Incubators useful in PCR test laboratories

Corona rapid tests help identify infected people and break chains of infection. With the usual antigen tests, SARS-CoV-2 proteins are detected with the help of specific antibodies. Even more precise, i.e. even more specific and sensitive, are PCR tests (polymerase chain reaction), with which a large laboratory in Vienna, Austria, for example, analyzes saliva samples around the clock. BINDER incubators are used successfully in an early process step in these tests.

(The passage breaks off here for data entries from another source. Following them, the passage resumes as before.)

Definition directed (I : Type) (le : I -> I -> Prop) : Prop :=
  inhabited I /\ (forall i, le i i) /\
  (forall i j k, le i j -> le j k -> le i k) /\
  (forall i j, exists k, le i k /\ le j k).

From mathcomp Require Import all_boot all_order all_algebra.
From mathcomp Require Import monoid.
From mathcomp Require Import all_classical all_reals all_analysis.
From mathcomp Require Import complex.
From mathcomp Require Import ring lra.
Import Order.TTheory GRing.Theory Num.Theory.
Local Open Scope classical_set_scope.
Local Open Scope ring_scope.
Set Implicit Arguments. Unset Strict Implicit. Unset Printing Implicit Defensive.

(* Cut [phi_a] down to the finite set where [|phi_a| kappa_a >= eps].  The
   discarded part [d] has [|d| kappa_a <= eps], and decay bounds its multiplier
   norm: since [|sigma| = 1], [M_d x] is dominated by the untwisted convolution
   by [|d x|], of norm at most [C_a ||d x kappa_a||_2 <= C_a eps ||x||_2
   <= C_a eps ||x||].  So the truncation has multiplier norm within [C_a eps]
   of [1] and can be renormalised to norm exactly [1].  Nothing is cut where
   [phi_a] is close to [1] (as [kappa_a >= 1]), so letting [a] run along the
   net and [eps] to [0] yields a Fejer net converging pointwise to [1]. *)

Section ComplexModulus.
Variable R : realType.
Local Notation C := R[i].
Implicit Types x y z : C.

Lemma cnormE z : ((cnorm z)%:C)%C = `|z|.
Proof. by rewrite normc_def; case: z. Qed.

Lemma cnorm_ge0 z : 0 <= cnorm z.
Proof. by rewrite -(@lecR R) cnormE; exact: normr_ge0. Qed.

Lemma cnormM x y : cnorm (x * y) = cnorm x * cnorm y.
Proof. exact: ComplexField.Normc.normcM. Qed.
Theorem proposition3p4 (R : realType) (n : nat) (pa : rel 'I_n.+1)
  (f : 'I_n.+1 -> 'rV[R]_n.+1 -> R) (sigma : R)
  (dT : measure_display) (T : measurableType dT) (P : probability T R)
  (eps : 'I_n.+1 -> T -> R) (x : T -> 'rV[R]_n.+1) (l : 'I_n.+1) :
  is_dag pa ->
  (forall i, depends_only_on_parents pa i (f i)) ->
  (forall i, C2 (f i)) ->
  0 < sigma ->
  mutually_independent P eps ->
  (forall i, centered_gaussian P (eps i) sigma) ->
  (forall w i, x w 0 i = f i (x w) + eps i w) ->
  is_sink pa l ->
  let H := neg_log_hessian (anm_density sigma f) in
  (forall j k, fin_expect P (fun w => H (x w) j k)) ->
  (forall a b, fin_expect P (fun w => schur (H (x w)) l a b)) ->
  (forall a, fin_expect P (fun w => grad_minus l (f l) (x w) 0 a)) ->
  (forall a b, fin_expect P (fun w => grad_minus l (f l) (x w) 0 a
                                      * grad_minus l (f l) (x w) 0 b)) ->
  Emx P (fun w => schur (H (x w)) l) - schur (Emx P (fun w => H (x w))) l
  = - (sigma ^+ 2)^-1 *: covmx P (fun w => grad_minus l (f l) (x w)).
Proof.
(* The DAG and noise hypotheses only identify [anm_density] as the density of
   [x]; the Hessian entries are computed pointwise, so they are not needed, nor
   is integrability of the Schur complement, which follows from the others. *)
move=> _ f_dep f_C2 sigma_gt0 _ _ _ l_sink H H_fin _ grad_fin grad2_fin.
have f_free i := sink_shift_invariant (f_dep i) l_sink.
have f_diff i y : differentiable (f i) y by case: (f_C2 i).
have sigma_neq0 : sigma != 0 by rewrite gt_eqF.
apply: Emx_schur_rank_one_border => // w.
- exact: neg_log_hessian_anm_ll.
- exact: neg_log_hessian_anm_lift_l.
- exact: neg_log_hessian_anm_l_lift.
Qed.
(* For every $\alpha\in\mathbb{R}$, the sequence $\{k+\alpha\}_{k=0}^{\infty}$ is not a Legendre multiplier sequence.
   Context: The Legendre polynomials $\mathfrak{Le}_n(x)$ are defined by $\frac{1}{\sqrt{1-2xt+t^2}}=\sum_{k=0}^{\infty}\mathfrak{Le}_k(x)t^k$. A real sequence $\{\gamma_k\}_{k=0}^{\infty}$ is a Legendre multiplier sequence if, for every $n$ and all real $a_0,\dots,a_n$, the polynomial $\sum_{k=0}^n a_k\gamma_k\mathfrak{Le}_k(x)$ has only real zeros whenever $\sum_{k=0}^n a_k\mathfrak{Le}_k(x)$ has only real zeros. *)

From HB Require Import structures.
From mathcomp Require Import all_boot all_order all_algebra.
From mathcomp Require Import complex.
From mathcomp Require Import reals.
Set Implicit Arguments. Unset Strict Implicit. Unset Printing Implicit Defensive.
Import Order.TTheory GRing.Theory Num.Theory.
Local Open Scope ring_scope.

(* Legendre polynomials via the generating function
   (1 - 2xt + t^2)^(-1/2) = sum_m binom(-1/2, m) (-1)^m (2xt - t^2)^m
                          = sum_m C(2m,m)/4^m (2xt - t^2)^m,
   and Le_n(x) = [t^n] of this series.  Only m <= n contribute to [t^n].
   The bivariate polynomial (2xt - t^2) is an element of {poly {poly R}}
   with outer variable t and inner variable x. *)
Definition legendre_u (R : nzRingType) : {poly {poly R}} :=
  ('X *+ 2)%:P * 'X - 'X ^+ 2.

Definition legendre (R : fieldType) (n : nat) : {poly R} :=
  \sum_(m < n.+1) (('C(2 * m, m))%:R / 4%:R ^+ m) *: (legendre_u R ^+ m)`_n.

Definition real_rooted (R : rcfType) (p : {poly R}) : Prop :=
  p = 0 \/ forall z : R[i], root (map_poly (real_complex R) p) z -> 'Im z = 0.

Definition legendre_multiplier_sequence (R : rcfType) (gamma : nat -> R) : Prop :=
  forall (n : nat) (a : nat -> R),
    real_rooted (\sum_(k < n.+1) a k *: legendre R k) ->
    real_rooted (\sum_(k < n.+1) (a k * gamma k) *: legendre R k).

From HB Require Import structures.
From mathcomp Require Import all_boot all_order all_algebra.
From mathcomp Require Import complex.
From mathcomp Require Import reals.
From mathcomp Require Import ring lra zify.
Import Order.TTheory GRing.Theory Num.Theory.
Local Open Scope ring_scope.

(* Expanding x^2 and x^4 in the Legendre basis and multiplying the k-th
   coordinate by k + alpha gives the even polynomials
   (2 + alpha) x^2 - 2/3  and  (4 + alpha) x^4 - 12/7 x^2 - 8/35.
   Write such a polynomial as q(x^2).  For alpha < -2 in the first case, and
   alpha >= -2 in the second, q is positive at some negative point and
   negative at 0, hence has a root z < 0, and sqrt z is a non-real zero of
   q(x^2), although x^2 and x^4 have only real zeros. *)

Section LegendreExpansion.
Variable R : fieldType.

Lemma legendre_uE : legendre_u R = 'X * (('X *+ 2)%:P - 'X).
Proof. by rewrite /legendre_u; ring. Qed.

Lemma coef_legendre_u_exp m n : (legendre_u R ^+ m)`_n =
  if (n < m)%N then 0
  else ((-1) ^+ (n - m) * 2 ^+ (2 * m - n) *+ 'C(m, n - m)) *: 'X^(2 * m - n).
Proof.
rewrite legendre_uE exprMn coefXnM; case: ltnP => // le_mn.
rewrite exprBn coef_sum.
have polyC_term i : (-1) ^+ i * ('X *+ 2 : {poly R})%:P ^+ (m - i) =
    ((-1) ^+ i * ('X *+ 2) ^+ (m - i))%:P.
  by rewrite rmorphM !rmorphXn rmorphN1.
under eq_bigr => i _ do rewrite polyC_term coefMn coefCM coefXn mulr_natr mulrb.
pose F i := (-1) ^+ i * ('X *+ 2 : {poly R}) ^+ (m - i) *+ 'C(m, i).
transitivity (\sum_(i < m.+1 | i == (n - m)%N :> nat) F i).
  rewrite [RHS]big_mkcond; apply: eq_bigr => i _.
  by rewrite eq_sym; case: eqP; rewrite ?mul0rn.
rewrite big_ord1_eq ltnS /F; case: leqP => [_ | /bin_small->]; last first.
  by rewrite mulr0n scale0r.
have -> : (m - (n - m) = 2 * m - n)%N by lia.
rewrite -scalerMnl; congr (_ *+ _).
rewrite -mul_polyC rmorphM rmorphXn rmorphN1 -mulrA; congr (_ * _).
by rewrite -['X *+ 2]mulr_natl exprMn rmorphXn rmorph_nat.
Qed.
End LegendreExpansion.

Ltac coefwise_field_deg4 :=
  by apply/polyP => -[|[|[|[|[|?]]]]]; rewrite !coefE /=; field.

(* [subn], [muln] and [binomial] are [simpl never]; [cbv] evaluates them on
   the concrete indices. *)
Ltac expand_legendre :=
  rewrite /legendre !big_ord_recr big_ord0 /= !coef_legendre_u_exp /=;
  cbv [subn muln addn binomial Nat.sub Nat.mul Nat.add].

Section SmallLegendre.
Variable R : numFieldType.

Lemma legendre0 : legendre R 0 = 1.
Proof. by expand_legendre; coefwise_field_deg4. Qed.

Lemma legendre2 : legendre R 2 = (3 / 2) *: 'X^2 - (1 / 2)%:P.
Proof. by expand_legendre; coefwise_field_deg4. Qed.

Lemma legendre4 : legendre R 4 = (35 / 8) *: 'X^4 - (15 / 4) *: 'X^2 + (3 / 8)%:P.
Proof. by expand_legendre; coefwise_field_deg4. Qed.

Definition legendre_coords_X2 : nat -> R := nth 0 [:: 1 / 3; 0; 2 / 3].
Definition legendre_coords_X4 : nat -> R := nth 0 [:: 1 / 5; 0; 4 / 7; 0; 8 / 35].

Lemma legendre_expansion_X2 :
  \sum_(k < 3) legendre_coords_X2 k *: legendre R k = 'X^2.
Proof.
rewrite !big_ord_recr big_ord0 /= legendre0 legendre2 /legendre_coords_X2 /=.
by rewrite scale0r; coefwise_field_deg4.
Qed.

Lemma legendre_expansion_X4 :
  \sum_(k < 5) legendre_coords_X4 k *: legendre R k = 'X^4.
Proof.
rewrite !big_ord_recr big_ord0 /= legendre0 legendre2 legendre4 /legendre_coords_X4 /=.
by rewrite !scale0r; coefwise_field_deg4.
Qed.

Lemma shifted_image_X2 (alpha : R) :
  \sum_(k < 3) (legendre_coords_X2 k * (k%:R + alpha)) *: legendre R k =
  ((2 + alpha) *: 'X - (2 / 3)%:P) \Po 'X^2.
Proof.
rewrite !big_ord_recr big_ord0 /= legendre0 legendre2 /legendre_coords_X2 /=.
rewrite mul0r scale0r comp_polyB comp_polyZ comp_polyX comp_polyC.
by coefwise_field_deg4.
Qed.

Lemma shifted_image_X4 (alpha : R) :
  \sum_(k < 5) (legendre_coords_X4 k * (k%:R + alpha)) *: legendre R k =
  ((4 + alpha) *: 'X^2 - (12 / 7) *: 'X - (8 / 35)%:P) \Po 'X^2.
Proof.
rewrite !big_ord_recr big_ord0 /= legendre0 legendre2 legendre4 /legendre_coords_X4 /=.
rewrite !mul0r !scale0r !comp_polyB !comp_polyZ comp_Xn_poly comp_polyX comp_polyC.
by coefwise_field_deg4.
Qed.

End SmallLegendre.

Section RealRootedComposition.
Variable R : rcfType.

Lemma real_rooted_Xn n : real_rooted ('X^n : {poly R}).
Proof.
right=> z; rewrite map_polyXn rootE hornerXn expf_eq0 => /andP[_ /eqP->].
by apply/Creal_ImP; rewrite real0.
Qed.

Lemma root_comp_X2_sqrtC (q : {poly R}) (y : R) : root q y ->
  root (map_poly (real_complex R) (q \Po 'X^2)) (sqrtC y%:C%C).
Proof.
move=> /rootP qy0; apply/rootP.
by rewrite map_comp_poly horner_comp map_polyXn hornerXn sqrtCK horner_map qy0 rmorph0.
Qed.

Lemma not_real_rooted_comp_X2 {q : {poly R}} (y : R) :
  y < 0 -> 0 < q.[y] -> q.[0] < 0 -> ~ real_rooted (q \Po 'X^2).
Proof.
move=> y_lt0 qy_gt0 q0_lt0.
have [z /andP[_ z_le0] qz0] : exists2 z, y <= z <= 0 & root (- q) z.
  apply: poly_ivt; first exact: ltW.
  by rewrite !hornerN oppr_le0 oppr_ge0 !ltW.
rewrite rootN in qz0.
have z_lt0 : z < 0.
  by rewrite lt_neqAle z_le0 andbT; apply: contraTneq qz0 => ->; rewrite rootE lt_eqF.
have q_neq0 : q != 0 by apply: contraTneq q0_lt0 => ->; rewrite horner0 ltxx.
case=> [/eqP | real_roots].
  by rewrite comp_poly_eq0 ?size_polyXn // (negPf q_neq0).
have /Creal_ImP := real_roots _ (root_comp_X2_sqrtC _ _ qz0).
by rewrite realEsqr sqrtCK -(rmorph0 (real_complex R)) lecR leNgt z_lt0.
Qed.

End RealRootedComposition.

Theorem proposition4p3 (R : realType) (alpha : R) :
  ~ legendre_multiplier_sequence (fun k : nat => k%:R + alpha).
Proof.
move=> multiplier.
have [alpha_lt | alpha_ge] := ltrP alpha (-2).
- have := multiplier 2%N (@legendre_coords_X2 R).
  rewrite legendre_expansion_X2 shifted_image_X2 => /(_ (real_rooted_Xn _ _)) rooted.
  have shift_lt0 : 2 + alpha < 0 by lra.
  apply: (not_real_rooted_comp_X2 _ (2 + alpha)^-1 _ _ _ rooted); rewrite ?hornerE.
  + by rewrite invr_lt0.
  + by rewrite divff ?ltr0_neq0 //; lra.
  + lra.
- have := multiplier 4%N (@legendre_coords_X4 R).
  rewrite legendre_expansion_X4 shifted_image_X4 => /(_ (real_rooted_Xn _ _)) rooted.
  apply: (not_real_rooted_comp_X2 _ (-1) _ _ _ rooted); rewrite ?hornerE /=; lra.
Qed.
Lemma C1_sin f fx fy : has_C1_partials U f fx fy ->
  has_C1_partials U (fun x y => sin (f x y))
    (fun x y => cos (f x y) * fx x y) (fun x y => cos (f x y) * fy x y).
Proof.
  intros Hf; apply (C1_comp_global f fx fy sin cos); auto.
  - intros t; auto_derive; auto; ring.
  - intros t; apply ex_derive_continuous_R; auto_derive; auto.
Qed.

Lemma C1_cos f fx fy : has_C1_partials U f fx fy ->
  has_C1_partials U (fun x y => cos (f x y))
    (fun x y => - sin (f x y) * fx x y) (fun x y => - sin (f x y) * fy x y).
Proof.
  intros Hf; apply (C1_comp_global f fx fy cos (fun t => - sin t)); auto.
  - intros t; auto_derive; auto; ring.
  - intros t; apply ex_derive_continuous_R; auto_derive; auto.
Qed.

Lemma C1_on_of_has_C1_partials f fx fy :
  open U -> has_C1_partials U f fx fy -> C1_on U f.
Proof.
  intros HU Hf x y Hxy; destruct (Hf x y Hxy) as (fdx & fdy & _ & fxc & fyc).
  assert (Hnear : locally (x, y) U) by (apply HU; exact Hxy).
  refine (conj (ex_intro _ _ fdx) (conj (ex_intro _ _ fdy) (conj _ _))).
  - apply (continuous_ext_loc _ (fun p : R * R => fx (fst p) (snd p))); auto.
    apply (filter_imp U); auto; intros [a b] Hab.
    symmetry; apply is_derive_unique, (Hf a b Hab).
  - apply (continuous_ext_loc _ (fun p : R * R => fy (fst p) (snd p))); auto.
    apply (filter_imp U); auto; intros [a b] Hab.
    symmetry; apply is_derive_unique, (Hf a b Hab).
Qed.

End C1_calculus.

Lemma C1_on_subset (U V : R * R -> Prop) f :
  (forall z, V z -> U z) -> C1_on U f -> C1_on V f.
Proof. intros HVU Hf x y Hxy; apply Hf, HVU, Hxy. Qed.

(* Decomposes an explicit expression in x and y by the rules above; what remains
   are the domain conditions of sqrt, ln and /. *)
Ltac C1_auto :=
  unfold Rminus, Rdiv;
  repeat lazymatch goal with
  | |- has_C1_partials _ (fun _ _ => ?c) _ _ => apply C1_const
  | |- has_C1_partials _ (fun x _ => x) _ _ => apply C1_fst
  | |- has_C1_partials _ (fun _ y => y) _ _ => apply C1_snd
  | |- has_C1_partials _ (fun x y => @?f x y + @?g x y) _ _ => eapply (C1_add _ f _ _ g)
  | |- has_C1_partials _ (fun x y => @?f x y * @?g x y) _ _ => eapply (C1_mul _ f _ _ g)
  | |- has_C1_partials _ (fun x y => - @?f x y) _ _ => eapply (C1_opp _ f)
  | |- has_C1_partials _ (fun x y => / @?f x y) _ _ => eapply (C1_inv _ f)
  | |- has_C1_partials _ (fun x y => @?f x y ^ _) _ _ => eapply (C1_pow _ f)
  | |- has_C1_partials _ (fun x y => sqrt (@?f x y)) _ _ => eapply (C1_sqrt _ f)
  | |- has_C1_partials _ (fun x y => ln (@?f x y)) _ _ => eapply (C1_ln _ f)
  | |- has_C1_partials _ (fun x y => exp (@?f x y)) _ _ => eapply (C1_exp _ f)
  | |- has_C1_partials _ (fun x y => atan (@?f x y)) _ _ => eapply (C1_atan _ f)
  | |- has_C1_partials _ (fun x y => sin (@?f x y)) _ _ => eapply (C1_sin _ f)
  | |- has_C1_partials _ (fun x y => cos (@?f x y)) _ _ => eapply (C1_cos _ f)
  end.

Lemma discr_root_bounds x y : 0 < x ->
  y < sqrt (y ^ 2 + 4 * x) /\ - y < sqrt (y ^ 2 + 4 * x).
Proof.
  intros Hx.
  assert (Hs := pow2_sqrt (y ^ 2 + 4 * x) ltac:(nra)).
  assert (0 <= sqrt (y ^ 2 + 4 * x)) by apply sqrt_pos.
  split; nra.
Qed.

Lemma lam1_neg x y : 0 < x -> lam1 x y < 0.
Proof. intros Hx; destruct (discr_root_bounds x y Hx); unfold lam1; lra. Qed.

Lemma lam2_pos x y : 0 < x -> 0 < lam2 x y.
Proof. intros Hx; destruct (discr_root_bounds x y Hx); unfold lam2; lra. Qed.

Lemma lam1_add_lam2 x y : lam1 x y + lam2 x y = y.
Proof. unfold lam1, lam2; field. Qed.

Lemma lam1_mul_lam2 x y : 0 <= y ^ 2 + 4 * x -> lam1 x y * lam2 x y = - x.
Proof.
  intros Hd; unfold lam1, lam2.
  assert (Hs := pow2_sqrt _ Hd).
  replace ((y - sqrt (y ^ 2 + 4 * x)) / 2 * ((y + sqrt (y ^ 2 + 4 * x)) / 2))
    with ((y ^ 2 - sqrt (y ^ 2 + 4 * x) ^ 2) / 4) by field.
  rewrite Hs; field.
Qed.

Definition pcoord (x y : R) : R := sqrt (- lam1 x y).
Definition qcoord (x y : R) : R := sqrt (lam2 x y).

Lemma pcoord_pos x y : 0 < x -> 0 < pcoord x y.
Proof. intros Hx; apply sqrt_lt_R0; assert (Hl := lam1_neg x y Hx); lra. Qed.

Lemma qcoord_pos x y : 0 < x -> 0 < qcoord x y.
Proof. intros Hx; apply sqrt_lt_R0, lam2_pos, Hx. Qed.

Lemma pcoord_sq x y : 0 < x -> pcoord x y ^ 2 = - lam1 x y.
Proof. intros Hx; apply pow2_sqrt; assert (Hl := lam1_neg x y Hx); lra. Qed.

Lemma qcoord_sq x y : 0 < x -> qcoord x y ^ 2 = lam2 x y.
Proof. intros Hx; apply pow2_sqrt; assert (Hl := lam2_pos x y Hx); lra. Qed.

Lemma xy_of_pqcoord x y : 0 < x ->
  x = (pcoord x y * qcoord x y) ^ 2 /\ y = qcoord x y ^ 2 - pcoord x y ^ 2.
Proof.
  intros Hx; rewrite Rpow_mult_distr, pcoord_sq, qcoord_sq by exact Hx; split.
  - rewrite <- Ropp_mult_distr_l, lam1_mul_lam2; nra.
  - rewrite <- (lam1_add_lam2 x y) at 1; ring.
Qed.

Lemma pqcoord_of_pq p q : 0 < p -> 0 < q ->
  pcoord ((p * q) ^ 2) (q ^ 2 - p ^ 2) = p /\ qcoord ((p * q) ^ 2) (q ^ 2 - p ^ 2) = q.
Proof.
  intros Hp Hq.
  assert (Hs : sqrt ((q ^ 2 - p ^ 2) ^ 2 + 4 * (p * q) ^ 2) = p ^ 2 + q ^ 2).
  { rewrite <- (sqrt_pow2 (p ^ 2 + q ^ 2)) by nra; f_equal; ring. }
  unfold pcoord, qcoord, lam1, lam2; rewrite Hs; split.
  - transitivity (sqrt (p ^ 2)); [f_equal; field | apply sqrt_pow2; lra].
  - transitivity (sqrt (q ^ 2)); [f_equal; field | apply sqrt_pow2; lra].
Qed.

(* (q + i p)^3 = cube_re p q + i cube_im p q *)
Definition cube_im (p q : R) : R := (3 * q ^ 2 - p ^ 2) * p.
Definition cube_re (p q : R) : R := (q ^ 2 - 3 * p ^ 2) * q.

(* The image of the open quadrant {p, q > 0} under cubing, in coordinates
   (Im, Re): the points of argument in (0, 3 PI / 2). *)
Definition cubed_quadrant (z : R * R) : Prop := 0 < fst z \/ snd z < 0.

Lemma cube_in_cubed_quadrant p q : 0 < p -> 0 < q ->
  cubed_quadrant (cube_im p q, cube_re p q).
Proof.
  intros Hp Hq; unfold cubed_quadrant, cube_im, cube_re; simpl.
  destruct (Rlt_or_le (p ^ 2) (3 * q ^ 2)); [left | right].
  - apply Rmult_lt_0_compat; lra.
  - apply Rmult_neg_pos; nra.
Qed.

Lemma cube_inj_quadrant p q p' q' : 0 < p -> 0 < q -> 0 < p' -> 0 < q' ->
  cube_im p q = cube_im p' q' -> cube_re p q = cube_re p' q' -> p = p' /\ q = q'.
Proof.
  intros Hp Hq Hp' Hq' Eim Ere.
  (* z^3 - z'^3 = (z - z') (z^2 + z z' + z'^2) for z = q + i p, z' = q' + i p';
     the second factor has imaginary part m_im > 0. *)
  set (m_re := q ^ 2 - p ^ 2 + (q * q' - p * p') + (q' ^ 2 - p' ^ 2)).
  set (m_im := 2 * q * p + (q * p' + p * q') + 2 * q' * p').
  assert (Hre : (q - q') * m_re - (p - p') * m_im = cube_re p q - cube_re p' q')
    by (unfold m_re, m_im, cube_re; ring).
  assert (Him : (q - q') * m_im + (p - p') * m_re = cube_im p q - cube_im p' q')
    by (unfold m_re, m_im, cube_im; ring).
  rewrite Ere, Rminus_diag in Hre; rewrite Eim, Rminus_diag in Him.
  assert (Hm : 0 < m_im).
  { unfold m_im; assert (0 < q * p) by nra; assert (0 < q * p') by nra;
    assert (0 < p * q') by nra; assert (0 < q' * p') by nra; lra. }
  assert (Hnorm : ((q - q') ^ 2 + (p - p') ^ 2) * m_im = 0).
  { replace (((q - q') ^ 2 + (p - p') ^ 2) * m_im)
      with ((q - q') * ((q - q') * m_im + (p - p') * m_re)
            - (p - p') * ((q - q') * m_re - (p - p') * m_im)) by ring.
    rewrite Hre, Him; ring. }
  destruct (Rmult_integral _ _ Hnorm) as [Hsq | Hm0]; [| lra].
  destruct (Rplus_sqr_eq_0 (q - q') (p - p')) as [Eq Ep].
  - unfold Rsqr; lra.
  - lra.
Qed.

Up to 60 Postbuses deliver up to 200,000 sample tubes per day and over 400 employees evaluate several liters of saliva every day. An undertaking that has to be done quickly and where the equipment has to be reliable and safe. So it's no wonder that there are a number of BINDER incubators in the large laboratory that are just waiting to heat new sample racks to the specified temperature in order to feed them into the automatic analysis process. Ten samples at a time are pooled by a pipetting robot in order to multiply the efficiency of the mostly negative samples, and a reagent mix is added. The pool only needs to be dissolved if a positive sample appears in order to identify the positive individual sample. The central process step is RT-PCR. Virus RNA, if present in the sample, is enzymatically copied into DNA (reverse transcription, RT) and exponentially reproduced (PCR) with the help of very specific gene probes. So you only get a large amount of specific DNA in samples that contain SARS-CoV-2-RNA, which can then be easily detected.

The sensitivity of this method is so much greater than that of antigen tests because very few viral RNA molecules are amplified so strongly that they can be reliably detected. And the specificity is so great because unique gene probes can be designed for the viral RNA that do not match any other known sequence and can easily be produced synthetically.